- **What is required**:
Write out exactly the lines of the entries below from the one holding "From mathcomp Require Import ess_sup_inf" to the one holding "when y >= K", inclusive, and leave out all other lines.

(Stored data entries)
Definition muI (R : realType) (a b : R) :=
  mrestr (@lebesgue_measure R) (measurable_itv `[a, b]).

Definition LnormI (R : realType) (a b : R) (p : \bar R) (g : R -> R) : \bar R :=
  Lnorm (muI a b) p (EFin \o g).

(* tau_r^f : the (unique) real minimizing t |-> ||f - t||_{L^r(I)};
   chosen with xget among the minimizers. *)
Definition tau (R : realType) (a b : R) (f : R -> R) (r : R) : R :=
  xget 0 [set t : R | forall s : R,
     (LnormI a b r%:E (fun x => (f x - t)%R) <= LnormI a b r%:E (fun x => (f x - s)%R))%E].

Definition fpos (R : realType) (f : R -> R) : R -> R := fun x => Num.max (f x) 0.
Definition fneg (R : realType) (f : R -> R) : R -> R := fun x => Num.max (- f x) 0.

(* For r >= 1 the L^r distance from g to the constant t is continuous and
   coercive in t, hence has a minimizer (an L^r center); minimizing it is the
   same as minimizing the integral of |g - t|^r, and as r -> +oo this integral
   is dominated by the largest values of |g - t|, which sit near the essential
   extrema on sets of positive measure.
   If m = essinf g and M = esssup g are finite, then |g - (m + M)/2| <= (M - m)/2
   a.e., whereas for a constant t with |t - (m + M)/2| >= e the bound
   |g - t| >= (M - m)/2 + e/2 holds on a set of positive measure, so t cannot be
   a center for large r.  If g >= m a.e. and M = +oo, a constant t <= K loses
   against K + 1: passing to K + 1 costs at most A^r where g is near m, and gains
   (2A + 2)^(r-1) on the set of positive measure where g > K + 2A + 2.  The case
   of g bounded above reduces to this one by replacing g with -g. *)
From HB Require Import structures.
From mathcomp Require Import all_boot all_order all_algebra.
From mathcomp Require Import all_classical all_reals all_analysis.
From mathcomp Require Import ess_sup_inf hoelder measurable_realfun.
From mathcomp Require Import ring lra.
Import Order.TTheory GRing.Theory Num.Theory.
Import numFieldNormedType.Exports.
Local Open Scope classical_set_scope.
Local Open Scope ring_scope.

Set Implicit Arguments. Unset Strict Implicit. Unset Printing Implicit Defensive.

Lemma powR_mul_lt_eventually {R : realType} (x y a b : R) :
  0 <= x -> x < y -> 0 <= a -> 0 < b ->
  \forall r \near +oo, x `^ r * a < y `^ r * b.
Proof.
move=> x0 xy a0 b0.
have y0 : 0 < y by apply: le_lt_trans xy.
have [->|x_neq0] := eqVneq x 0.
  near=> r; rewrite powR0 ?mul0r; first by rewrite mulr_gt0 // powR_gt0.
  by rewrite gt_eqF //; near: r; apply: nbhs_pinfty_gt; rewrite num_real.
have xp : 0 < x by rewrite lt_neqAle eq_sym x_neq0 x0.
have [->|a_neq0] := eqVneq a 0.
  by apply: nearW => r; rewrite mulr0 mulr_gt0 // powR_gt0.
have ap : 0 < a by rewrite lt_neqAle eq_sym a_neq0 a0.
set q := ln y - ln x.
have q0 : 0 < q by rewrite subr_gt0 ltr_ln // posrE.
apply: filterS (nbhs_pinfty_gt (num_real (ln (a / b) / q))) => r hr.
have ab_lt : a / b < expR (r * q).
  by rewrite -[X in X < _]lnK ?ltr_expR ?posrE ?divr_gt0 // -ltr_pdivrMr.
rewrite /powR (negbTE x_neq0) gt_eqF //.
have -> : r * ln y = r * ln x + r * q by rewrite /q; ring.
by rewrite expRD -mulrA ltr_pM2l ?expR_gt0 // -ltr_pdivrMr.
Unshelve. all: by end_near. Qed.

(* Pointwise form of the comparison between the constants t <= K and K + 1
   when y >= K + 1 - A: moving the constant up costs at most A^r, and gains
   at least (2A + 2)^(r-1) where y is far above K. *)
Lemma powR_shift_ineq {R : realType} (y t K A r : R) :
  1 <= r -> t <= K -> K + 1 - A <= y -> 0 <= A ->
  `|y - (K + 1)| `^ r + (if K + 2 * A + 2 < y then (2 * A + 2) `^ (r - 1) else 0)
  <= `|y - t| `^ r + A `^ r.
Proof.
move=> r1 tK yA A0.
have r0 : 0 <= r by apply: le_trans r1.
have r10 : 0 <= r - 1 by rewrite subr_ge0.
have Ar_ge0 := powR_ge0 A r.
case: ifPn => hy.
- have yt_ge0 : 0 <= y - t by lra.
  rewrite (ger0_norm yt_ge0) ger0_norm; last by lra.
  have h1 : (y - (K + 1)) `^ r <= (y - t - 1) `^ r.
    by apply: ge0_ler_powR; rewrite ?nnegrE //; lra.
  have h2 : (y - t - 1) `^ r = (y - t - 1) * (y - t - 1) `^ (r - 1).
    by rewrite mulr_powRB1 //; lra.
  have h3 : (y - t - 1) * (y - t - 1) `^ (r - 1) <= (y - t - 1) * (y - t) `^ (r - 1).
    by apply: ler_wpM2l; [lra | apply: ge0_ler_powR; rewrite ?nnegrE //; lra].
  have h4 : (2 * A + 2) `^ (r - 1) <= (y - t) `^ (r - 1).
    by apply: ge0_ler_powR; rewrite ?nnegrE //; lra.
  have h5 : (y - t) `^ r = (y - t) * (y - t) `^ (r - 1).
    by rewrite mulr_powRB1 //; lra.
  have h6 : 0 <= (y - t) `^ (r - 1) by apply: powR_ge0.
  nra.
- rewrite addr0; have [yK|yK] := leP (K + 1) y.
  + have : `|y - (K + 1)| `^ r <= `|y - t| `^ r.
      by apply: ge0_ler_powR; rewrite ?nnegrE // !ger0_norm; lra.
    lra.
  + have : `|y - (K + 1)| `^ r <= A `^ r.
      by apply: ge0_ler_powR; rewrite ?nnegrE // ler0_norm; lra.
    have := powR_ge0 `|y - t| r; lra.
Qed.

Section Lr_centers.
Context {R : realType} {d : measure_display} {T : measurableType d}.
Variable mu : {measure set T -> \bar R}.
Hypotheses (mu_gt0 : (0 < mu setT)%E) (mu_fin : (mu setT < +oo)%E).

Definition rnorm (r : R) (h : T -> R) := Lnorm mu r%:E (EFin \o h).
Definition mass := fine (mu setT).
(* Let $G$ be a group with a conjugation-closed generating set $X$ and let $g\in\mathrm{Mon}(X)$. Then $\mathrm{Fact}(G,g,\mathbf I)$ is isomorphic to the poset of nonempty chains of the interval $[1,g]$, ordered by inclusion.
   Context: $\mathrm{Mon}(X)$ is the submonoid generated by $X$; $\ell(x)$ is the minimal length of a product of elements of $X$ equal to $x$; $x\le y$ if there is $x'\in\mathrm{Mon}(X)$ with $xx'=y$ and $\ell(x)+\ell(x')=\ell(y)$; $[1,g]=\{x:x\le g\}$ with this order. A chain is a set $\{y_0<y_1<\cdots<y_k\}$ of elements of $[1,g]$. A linear factorization of $g$ is a row vector $[x_L\ x_1\ \cdots\ x_k\ x_R]$ ($k\ge0$) of elements of $\mathrm{Mon}(X)$ with $x_1,\dots,x_k\ne1$ ($x_L,x_R$ may be trivial), $\ell(x_L)+\ell(x_1)+\cdots+\ell(x_k)+\ell(x_R)=\ell(g)$ and $x_Lx_1\cdots x_kx_R=g$. Writing $x_0=x_L$, $x_{k+1}=x_R$, the merge at position $i\in\{0,\dots,k\}$ replaces the consecutive entries $x_i,x_{i+1}$ by the single entry $x_ix_{i+1}$ (giving a linear factorization with one fewer entry). $\mathrm{Fact}(G,g,\mathbf I)$ is the set of linear factorizations of $g$ with $\mathbf x\le\mathbf y$ iff $\mathbf x$ is obtained from $\mathbf y$ by a finite sequence of merges. *)

From Stdlib Require Import ClassicalDescription Relation_Operators List.
From mathcomp Require Import all_boot.

Set Implicit Arguments.
Unset Strict Implicit.
Unset Printing Implicit Defensive.

Record GroupT := {
  carrier :> Type;
  gmul : carrier -> carrier -> carrier;
  gone : carrier;
  ginv : carrier -> carrier;
  gmulA : forall x y z, gmul x (gmul y z) = gmul (gmul x y) z;
  gmul1l : forall x, gmul gone x = x;
  gmul1r : forall x, gmul x gone = x;
  gmulVl : forall x, gmul (ginv x) x = gone;
  gmulVr : forall x, gmul x (ginv x) = gone
}.

Section Defs.
Variable G : GroupT.
Implicit Types (X : G -> Prop) (x y g : G).


Definition wprod (w : seq G) : G := foldr (@gmul G) (gone G) w.

Definition conj_closed X := forall x h, X x -> X (gmul (gmul (ginv h) x) h).

Definition generates X :=
  forall g, exists w : seq G,
    List.Forall (fun y => X y \/ X (ginv y)) w /\ wprod w = g.

Definition word_of_length X x n :=
  exists w : seq G, List.Forall X w /\ size w = n /\ wprod w = x.

Definition Mon X x := exists n, word_of_length X x n.

(* ell(x): the minimal length of a product of elements of X equal to x
   (junk value 0 when x is not in Mon(X)) *)
Definition ell X x : nat :=
  match excluded_middle_informative (Mon X x) with
  | left H =>
      @ex_minn (fun n => is_left (excluded_middle_informative
                                    (word_of_length X x n)))
        (let: ex_intro n Hn := H in
         ex_intro _ n (match excluded_middle_informative (word_of_length X x n)
                          as b return Datatypes.is_true (is_left b) with
                       | left _ => erefl
                       | right Hn' => False_ind _ (Hn' Hn) end))
  | right _ => 0
  end.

- **Output for this task**:
From mathcomp Require Import ess_sup_inf hoelder measurable_realfun.
From mathcomp Require Import ring lra.
Import Order.TTheory GRing.Theory Num.Theory.
Import numFieldNormedType.Exports.
Local Open Scope classical_set_scope.
Local Open Scope ring_scope.

Set Implicit Arguments. Unset Strict Implicit. Unset Printing Implicit Defensive.

Lemma powR_mul_lt_eventually {R : realType} (x y a b : R) :
  0 <= x -> x < y -> 0 <= a -> 0 < b ->
  \forall r \near +oo, x `^ r * a < y `^ r * b.
Proof.
move=> x0 xy a0 b0.
have y0 : 0 < y by apply: le_lt_trans xy.
have [->|x_neq0] := eqVneq x 0.
  near=> r; rewrite powR0 ?mul0r; first by rewrite mulr_gt0 // powR_gt0.
  by rewrite gt_eqF //; near: r; apply: nbhs_pinfty_gt; rewrite num_real.
have xp : 0 < x by rewrite lt_neqAle eq_sym x_neq0 x0.
have [->|a_neq0] := eqVneq a 0.
  by apply: nearW => r; rewrite mulr0 mulr_gt0 // powR_gt0.
have ap : 0 < a by rewrite lt_neqAle eq_sym a_neq0 a0.
set q := ln y - ln x.
have q0 : 0 < q by rewrite subr_gt0 ltr_ln // posrE.
apply: filterS (nbhs_pinfty_gt (num_real (ln (a / b) / q))) => r hr.
have ab_lt : a / b < expR (r * q).
  by rewrite -[X in X < _]lnK ?ltr_expR ?posrE ?divr_gt0 // -ltr_pdivrMr.
rewrite /powR (negbTE x_neq0) gt_eqF //.
have -> : r * ln y = r * ln x + r * q by rewrite /q; ring.
by rewrite expRD -mulrA ltr_pM2l ?expR_gt0 // -ltr_pdivrMr.
Unshelve. all: by end_near. Qed.

(* Pointwise form of the comparison between the constants t <= K and K + 1
   when y >= K + 1 - A: moving the constant up costs at most A^r, and gains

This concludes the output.